The perpetrator, whom the police identified as a 44-year-old Briton, took four hostages – including the rabbi – into his power during a service in the synagogue in the morning and holed up with them.
After hours of negotiations with the man, special forces broke into the synagogue and brought the hostages to safety unharmed.
The perpetrator died – the police did not say exactly how.
The authorities have also kept a low profile on the background.
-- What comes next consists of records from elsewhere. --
Lemma phi_spoke i : phi cw (p i, w i) = (w i, p (ord_pred i)).
Proof. by rewrite /phi /= eqxx. Qed.

Lemma phi_spoke_back i : phi cw (w (ordS i), p i) = (p i, w i).
Proof. by rewrite /phi /= (negbTE (ordS_neq i (ltnW k_gt2))) eqxx. Qed.

Definition inner_face i0 := face_of cw (w i0, w (ordS i0)).
Definition outer_face i0 := face_of cw (p i0, w i0).

Lemma inner_face_cycle i0 i : (w i, w (ordS i)) \in inner_face i0.
Proof.
move: i; apply: (ordS_ind (i0 := i0)) => [|j]; first exact: face_of_refl.
by move/face_of_phi; rewrite phi_cycle.
Qed.

Lemma outer_face_spoke i0 i : (p i, w i) \in outer_face i0.
Proof.
move: i; apply: (ord_pred_ind (i0 := i0)) => [|j]; first exact: face_of_refl.
move/face_of_phi; rewrite phi_spoke -{1}(ord_predK j).
by move/face_of_phi; rewrite phi_spoke_back.
Qed.

Lemma outer_face_spoke_back i0 i : (w (ordS i), p i) \in outer_face i0.
Proof. by have := face_of_phi (outer_face_spoke i0 (ordS i)); rewrite phi_spoke ordSK. Qed.

Definition triangle_darts i : {set GkV k * GkV k} :=
  [set (w (ordS i), w i); (w i, p i); (p i, w (ordS i))].
Definition triangle_edges i : {set {set GkV k}} := (@edge_of _) @: triangle_darts i.

Lemma triangle_face_subset i :
  face_of cw (w (ordS i), w i) \subset triangle_darts i.
Proof.
apply: face_of_subset; first by apply/set3P; constructor 1.
have [i_pred i_S] := (ord_pred_neq_ordS i k_gt2, ordS_neq i (ltnW k_gt2)).
move=> _ /set3P[]->; rewrite /phi /=.
- by rewrite eq_sym (negbTE i_pred) eqxx; apply/set3P; constructor 2.
- by rewrite eqxx; apply/set3P; constructor 3.
- by rewrite eq_sym (negbTE i_S) ordSK eqxx; apply/set3P; constructor 1.
Qed.

Lemma triangle_face_neq_inner i :
  face_of cw (w (ordS i), w i) != inner_face i.
Proof.
apply/negP => /eqP tri_eq; have := inner_face_cycle i i.
rewrite -tri_eq => /(subsetP (triangle_face_subset i)) /set3P[] // [] _ /eqP.
by rewrite (negbTE (ordS_neq i (ltnW k_gt2))).
Qed.

Lemma tree_meets_triangle_edges (T : {set {set GkV k}}) i :
  dual_connected adj cw T -> exists2 e, e \in T & e \in triangle_edges i.
Proof.
move=> connT; have tri_face : face_of cw (w (ordS i), w i) \in faces adj cw.
  by apply: face_of_in_faces; rewrite /= eqxx orbT.
have inner_face_face : inner_face i \in faces adj cw.
  by apply: face_of_in_faces; rewrite /= eqxx.
have [e eT /existsP[d /andP[d_tri /eqP d_e]]] :=
  dual_connected_incident connT tri_face inner_face_face (triangle_face_neq_inner i).
by exists e; rewrite // -d_e imset_f // (subsetP (triangle_face_subset i)).
Qed.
US President Joe Biden and the British Foreign Office described the act as an "act of terrorism".
US media, citing investigators, reported that the hostage-taker wanted to free a Pakistani scientist imprisoned in Texas.
She was arrested in Ghasni, Afghanistan, in July 2008 and sentenced to 86 years in prison by a US federal judge in 2010 for an attack on US soldiers in Afghanistan.
During interrogation at a police station, she took a gun lying on the ground and aimed it at a US soldier and a translator, without hitting them.
The woman had studied at an elite university in the USA.
Later, US authorities added her name to a list of suspects linked to al-Qaeda terrorists.